The investigation that led to the tariffs came at the request of North Pacific Paper Company, or NORPAC, a mill in Washington that is owned by a New York hedge fund. You would think if Canadian paper suppliers benefited from an unfair advantage in American markets that other domestic manufacturers would speak up. They have -— but in opposition to the tariffs. In fact the industry's own trade group, the American Forest and Paper Association, opposes them. As David Chavern, president and CEO of News Media Alliance, wrote, "The well-documented decline in the U.S. newsprint market is not due to unfair trade, but to a decade-long shift from print to digital distribution of news and information.

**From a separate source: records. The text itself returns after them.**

Lemma radius_lt (e : R) : (0 < e)%R -> exists k, (radius k < e)%R.
Proof.
move=> e0; exists (Num.truncn e^-1).
rewrite /radius -[X in (_ < X)%R]invrK ltf_pV2 ?posrE ?ltr0n ?invr_gt0//.
exact: truncnS_gt.
Qed.

Definition ball_inf h (k : nat) (s : T) : \bar R :=
  ereal_inf ((fun p : nat * T => h p.1 p.2) @`
     [set p : nat * T | (k <= p.1)%N /\ ball s (radius k) p.2]).

Definition ball_sup_inf h (k : nat) (x : T) : \bar R :=
  ereal_sup [set ball_inf h k s | s in ball x (radius k)].

Lemma nondecreasing_ball_inf h s : nondecreasing_seq (ball_inf h ^~ s).
Proof.
move=> k k' kk'; apply: ereal_inf_le_tmp => _ [p [kp sp] <-]; exists p => //; split.
  exact: leq_trans kp.
by move: sp; apply: le_ball; exact: radius_le.
Qed.

Lemma liminf2_ball_inf h s : liminf2 h s = ereal_sup (range (ball_inf h ^~ s)).
Proof.
apply/le_anti/andP; split.
- apply: ge_ereal_sup => _ [q /= q0 <-].
  have [k0 k0q] := @radius_lt q.2 q0.
  pose k := maxn q.1 k0.
  apply: (@le_trans _ _ (ball_inf h k s)); last by apply: ereal_sup_ubound; exists k.
  apply: ereal_inf_le_tmp => _ [p [kp sp] <-]; exists p => //; split.
    exact: leq_trans (leq_maxl _ _) kp.
  move: sp; apply: le_ball; apply/ltW/(le_lt_trans _ k0q)/radius_le.
  exact: leq_maxr.
- apply: ge_ereal_sup => _ [k _ <-]; apply: ereal_sup_ubound.
  by exists (k, radius k) => //=; exact: radius_gt0.
Qed.

Lemma cvg_ball_inf h s : ball_inf h ^~ s @ \oo --> liminf2 h s.
Proof.
rewrite liminf2_ball_inf; apply: ereal_nondecreasing_cvgn.
exact: nondecreasing_ball_inf.
Qed.

Lemma ball_shrink (x y z : T) (r : R) :
  ball x r z -> ball x (r - mdist x z) y -> ball y r z.
Proof.
rewrite !ballEmdist /= ltrBrDr => _ xy; rewrite (le_lt_trans (metric_triangle _ x _))//.
by rewrite metric_sym.
Qed.

Lemma upper_semicontinuous_ball_inf h k : lower_semicontinuous (\- ball_inf h k).
Proof.
move=> x a /=; rewrite lteNr => /ereal_inf_lt [_ [p [kp xp] <-] hpa].
exists (ball x (radius k - mdist x p.2)%R).
  by apply: nbhsx_ballx; move: xp; rewrite ballEmdist subr_gt0.
move=> y xy /=; rewrite lteNr; apply: le_lt_trans hpa.
by apply: ereal_inf_lbound; exists p => //; split => //; exact: ball_shrink xy.
Qed.

Lemma lower_semicontinuous_ball_sup_inf h k : lower_semicontinuous (ball_sup_inf h k).
Proof.
move=> x a /ereal_sup_gt [_ [s xs <-] ahs].
exists (ball x (radius k - mdist x s)%R).
  by apply: nbhsx_ballx; move: xs; rewrite ballEmdist subr_gt0.
move=> y xy; apply: lt_le_trans ahs _; apply: ereal_sup_ubound.
by exists s => //; exact: ball_shrink xy.
Qed.

Lemma ball_inf_le_sup_inf h k x : ball_inf h k x <= ball_sup_inf h k x.
Proof. by apply: ereal_sup_ubound; exists x => //; exact: ballxx (radius_gt0 k). Qed.

Lemma ball_sup_inf_le h k n x : (k <= n)%N -> ball_sup_inf h k x <= h n x.
Proof.
move=> kn; apply: ge_ereal_sup => _ [s xs <-].
by apply: ereal_inf_lbound; exists (n, x) => //; split => //; exact: ball_sym.
Qed.

Lemma measurable_ball_inf h k :
  measurable_fun [set: Borel T] (ball_inf h k : Borel T -> \bar R).
Proof.
apply: upper_semicontinuous_Borel_measurable; exact: upper_semicontinuous_ball_inf.
Qed.

Lemma measurable_ball_sup_inf h k :
  measurable_fun [set: Borel T] (ball_sup_inf h k : Borel T -> \bar R).
Proof.
apply: lower_semicontinuous_Borel_measurable.
exact: lower_semicontinuous_ball_sup_inf.
Qed.

Lemma measurable_liminf2 h :
  measurable_fun [set: Borel T] (liminf2 h : Borel T -> \bar R).
Proof.
apply: (emeasurable_fun_cvg (fun k => ball_inf h k : Borel T -> \bar R)).
  exact: measurable_ball_inf.
by move=> x _; exact: cvg_ball_inf.
Qed.

Lemma ball_inf_ge0 h k x : (forall n y, 0 <= h n y) -> 0 <= ball_inf h k x.
Proof. by move=> h0; apply: le_ereal_inf_tmp => _ [p _ <-]; exact: h0. Qed.

Lemma liminf2_ge0 h x : (forall n y, 0 <= h n y) -> 0 <= liminf2 h x.
Proof.
move=> h0; rewrite liminf2_ball_inf; apply: le_ereal_sup_tmp.
by exists (ball_inf h 0 x); [exists 0%N|exact: ball_inf_ge0].
Qed.

Lemma le_liminf2 h1 h2 s :
  (forall n x, h1 n x <= h2 n x) -> liminf2 h1 s <= liminf2 h2 s.
Proof.
move=> h12; rewrite !liminf2_ball_inf; apply: ge_ereal_sup => _ [k _ <-].
apply: le_ereal_sup_tmp; exists (ball_inf h2 k s); first by exists k.
apply: le_ereal_inf_tmp => _ [p kp <-].
by apply: le_trans (h12 p.1 p.2); apply: ereal_inf_lbound; exists p.
Qed.

Lemma liminf2N h s : liminf2 (fun n x => - h n x) s = - limsup2 h s.
Proof.
rewrite /liminf2 /limsup2 -ereal_supN image_comp; congr ereal_sup.
by apply: eq_imagel => q _ /=; rewrite -ereal_infN image_comp.
Qed.

Lemma limsup2N h s : limsup2 (fun n x => - h n x) s = - liminf2 h s.
Proof.
apply/eqP; rewrite -eqe_oppLR -liminf2N; apply/eqP; congr liminf2.
by apply/funext => n; apply/funext => x; rewrite oppeK.
Qed.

Now, we will all literally pay for one manufacturer's manipulation of our country's trade laws."
NORPAC is said to have fewer than 300 employees. But the tariffs for which the company lobbied threaten many thousands of American jobs, not just in newspapers but also in other publishing sectors. The tariffs could further depress demand for newsprint and, far from affording protection, hasten a decline in the paper industry.
In the case of newspapers, the repercussions will be felt by readers who, despite the growth of digital media, continue in countless communities across the country to rely on the hometown paper as the best source of information about local government, police, courts, community activities and events. Newsprint typically is a newspaper's biggest expense after labor, and since the imposition of the tariffs newspapers are said to have seen paper costs rise as much as 30 percent. Newspapers are in no position to withstand that kind of price hike. Steve Forbes, of Forbes magazine, wrote in the Wall Street Journal that the tariffs could force publications "to close or be reduced to shadows of their former selves. The killing of local newspapers by the imposition of tariffs would gut the nation's free press." He ascribed the tariffs to "protectionist cronyism."

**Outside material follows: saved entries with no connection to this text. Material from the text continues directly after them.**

(* Let $1\le k\le n$ and let $\lambda=(\lambda_1,\dots,\lambda_n)$ be a partition with $\lambda_{n-k+1}=\dots=\lambda_n=0$. Let $x=(x_1,\dots,x_{n-k},t^{k-1},t^{k-2},\dots,t,1)\in\mathbb{C}^n$, $\hat\lambda=(\lambda_1,\dots,\lambda_{n-k})$ and $\hat x=(x_1,\dots,x_{n-k})$. Then $$W_\lambda(x;q,p,t,a,b)=W_{\hat\lambda}(\hat xt^{-k};q,p,t,at^{2k},bt^{k}).$$
   Context: Fix $|p|<1$; parameters generic. $E(x)=(x;p)_\infty(p/x;p)_\infty$. For integer $m\ge0$, $(a)_m=\prod_{k=0}^{m-1}E(aq^k)$, for $m<0$, $(a)_m=1/(aq^m)_{-m}$; for a partition $\lambda$ with $N$ parts $(a)_\lambda=\prod_{i=1}^N(at^{1-i})_{\lambda_i}$; several arguments denote products; integer subscripts denote the single-integer symbol. Scalars multiply tuples componentwise. $W$ functions for $N$-part partitions (here $N=n$ or $N=n-k$, the number of variables): for $\lambda_1\ge\mu_1\ge\dots\ge\lambda_N\ge\mu_N$, $\lambda_{N+1}=\mu_{N+1}=0$, $H_{\lambda/\mu}(q,p,t,b)=\prod_{1\le i<j\le N}\Big\{\frac{(q^{\mu_i-\mu_{j-1}}t^{j-i})_{\mu_{j-1}-\lambda_j}(q^{\lambda_i+\lambda_j}t^{3-j-i}b)_{\mu_{j-1}-\lambda_j}}{(q^{\mu_i-\mu_{j-1}+1}t^{j-i-1})_{\mu_{j-1}-\lambda_j}(q^{\lambda_i+\lambda_j+1}t^{2-j-i}b)_{\mu_{j-1}-\lambda_j}}\frac{(q^{\lambda_i-\mu_{j-1}+1}t^{j-i-1})_{\mu_{j-1}-\lambda_j}}{(q^{\lambda_i-\mu_{j-1}}t^{j-i})_{\mu_{j-1}-\lambda_j}}\Big\}\prod_{1\le i<j-1\le N}\frac{(q^{\mu_i+\lambda_j+1}t^{1-j-i}b)_{\mu_{j-1}-\lambda_j}}{(q^{\mu_i+\lambda_j}t^{2-j-i}b)_{\mu_{j-1}-\lambda_j}}$; for $x\in\mathbb{C}$, $W_{\lambda/\mu}(x;q,p,t,a,b)=H_{\lambda/\mu}\frac{(x^{-1},ax)_\lambda(qbx/t,qb/(axt))_\mu}{(x^{-1},ax)_\mu(qbx,qb/(ax))_\lambda}\prod_{i=1}^N\frac{E(bt^{1-2i}q^{2\mu_i})}{E(bt^{1-2i})}\frac{(bt^{1-2i})_{\mu_i+\lambda_{i+1}}}{(bqt^{-2i})_{\mu_i+\lambda_{i+1}}}t^{i(\mu_i-\lambda_{i+1})}$ (zero if the interlacing fails); recursively $W_{\lambda/\mu}(y,z_1,\dots,z_\ell;q,p,t,a,b)=\sum_\nu W_{\lambda/\nu}(yt^{-\ell};q,p,t,at^{2\ell},bt^\ell)W_{\nu/\mu}(z_1,\dots,z_\ell;q,p,t,a,b)$ over $\nu$ with $\lambda_1\ge\nu_1\ge\dots\ge\lambda_N\ge\nu_N\ge0$; $W_\lambda=W_{\lambda/0}$, a function of $N$ variables. *)

From HB Require Import structures.
From mathcomp Require Import all_boot all_order all_algebra.
From mathcomp Require Import complex.
From mathcomp Require Import all_classical all_reals all_analysis.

The tariffs were enacted on a preliminary basis, and on July 17 the ITC will hear testimony on whether they're justified. Industry groups, including the Colorado Press Association, are asking members of Congress to take a stand against the tariffs by testifying at the hearing and submitting comments to the commission. A final decision is expected in mid-September.

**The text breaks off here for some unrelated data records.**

Lemma prodset_prod_left {N M : nearRing} {P Q : N -> Prop} {a : N} {b : M} :
  prodset (nr_prod N M) (prod_left M P) (prod_left M Q) (a, b) <->
  prodset N P Q a /\ prodset M (fun _ => True) (fun _ => True) b.
Proof.
  unfold prodset, prod_left. split.
  - intros [[p y] [[q z] [Hp [Hq E]]]]. injection E as -> ->. simpl in *.
    split; [exists p, q | exists y, z]; auto.
  - intros [[p [q [Hp [Hq ->]]]] [y [z [_ [_ ->]]]]].
    exists (p, y), (q, z). auto.
Qed.

Lemma proj_left_prodset {N M : nearRing} {I J : nr_prod N M -> Prop} {a : N} :
  proj_left (prodset (nr_prod N M) I J) a <-> prodset N (proj_left I) (proj_left J) a.
Proof.
  unfold proj_left, prodset. split.
  - intros [b [[i y] [[j z] [Hi [Hj E]]]]]. injection E as -> _.
    exists i, j. split; [exists y|split; [exists z|]]; auto.
  - intros [i [j [[y Hi] [[z Hj] ->]]]].
    exists (nr_mul y z), (i, y), (j, z). auto.
Qed.

Lemma subset_prod_left {N M : nearRing} {I J : N -> Prop} :
  subset (nr_prod N M) (prod_left M I) (prod_left M J) <-> subset N I J.
Proof.
  unfold subset, prod_left. split.
  - intros H x Hx. exact (H (x, nr_zero M) Hx).
  - intros H x. apply H.
Qed.

Lemma subset_proj_left {N M : nearRing} {Q : nr_prod N M -> Prop} {P : N -> Prop} :
  subset N (proj_left Q) P <-> subset (nr_prod N M) Q (prod_left M P).
Proof.
  unfold subset, proj_left, prod_left. split.
  - intros H [a b] Hab. exact (H a (ex_intro _ b Hab)).
  - intros H a [b Hab]. exact (H _ Hab).
Qed.

Lemma graded_almost_prime_prod_left {G : monoid} {N M : nearRing}
    {FN : G -> N -> Prop} {FM : G -> M -> Prop} {P : N -> Prop} :
  is_grading FN -> is_grading FM -> graded_almost_prime FN P ->
  graded_almost_prime (prod_grading FN FM) (prod_left M P).
Proof.
  intros HN HM [HP Hprime]. split; [exact (graded_ideal_prod_left HN HM HP)|].
  intros I J HI HJ HIJ HnIJ.
  destruct (Hprime (proj_left I) (proj_left J)
              (graded_ideal_proj_left HN HI) (graded_ideal_proj_left HN HJ)) as [HIP|HJP].
  - intros a Ha. apply proj_left_prodset in Ha.
    exact (proj2 subset_proj_left HIJ a Ha).
  - intros HPP. apply HnIJ. intros [a b] Hab. apply prodset_prod_left. split.
    + apply HPP, proj_left_prodset. now exists b.
    + destruct Hab as [[i y] [[j z] [_ [_ E]]]]. injection E as _ ->.
      now exists y, z.
  - left. exact (proj1 subset_proj_left HIP).
  - right. exact (proj1 subset_proj_left HJP).
Qed.

Lemma graded_almost_prime_of_prod_left {G : monoid} {N M : nearRing}
    {FN : G -> N -> Prop} {FM : G -> M -> Prop} {P : N -> Prop} :
  is_grading FN -> is_grading FM -> graded_ideal FN P ->
  graded_almost_prime (prod_grading FN FM) (prod_left M P) ->
  graded_almost_prime FN P.
Proof.
  intros HN HM HP [_ Hprime]. split; [exact HP|].
  intros I J HI HJ HIJ HnIJ.
  destruct (Hprime (prod_left M I) (prod_left M J)
              (graded_ideal_prod_left HN HM HI) (graded_ideal_prod_left HN HM HJ))
    as [HIP|HJP].
  - intros [a b] Hab. apply prodset_prod_left in Hab as [Hab _]. exact (HIJ a Hab).
  - intros HPP. apply HnIJ. intros a Ha.
    assert (Hprod : prodset M (fun _ => True) (fun _ => True)
                      (nr_mul (nr_zero M) (nr_zero M))) by now exists (nr_zero M), (nr_zero M).
    assert (HaPP := HPP (a, nr_mul (nr_zero M) (nr_zero M))
                        (proj2 prodset_prod_left (conj Ha Hprod))).
    exact (proj1 (proj1 prodset_prod_left HaPP)).
  - left. exact (proj1 subset_prod_left HIP).
  - right. exact (proj1 subset_prod_left HJP).
Qed.

Theorem theorem17 (G : monoid) (N M : nearRing)
  (FN : G -> N -> Prop) (FM : G -> M -> Prop) (P : N -> Prop) :
  is_grading FN -> is_grading FM -> graded_ideal FN P ->
  (graded_almost_prime FN P <->
   graded_almost_prime (prod_grading FN FM) (prod_left M P)).
Proof.
  intros HN HM HP. split.
  - exact (graded_almost_prime_prod_left HN HM).
  - exact (graded_almost_prime_of_prod_left HN HM HP).
Qed.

Readers of this and other newspapers also can play an important role. A coalition called Stop Tariffs on Printers & Publishers, or STOPP, is calling on citizens to sign an anti-tariff petition. The petition can be found on the coalition website, stopnewsprinttariffs.org.
The tariffs will cost American jobs. They violate principles of free trade. They're rejected by companies they purport to help. And they'll further and unnecessarily encumber newspapers that already face daunting challenges. If the ITC really wants to serve the interests of American companies it will correct course and drop the tariffs.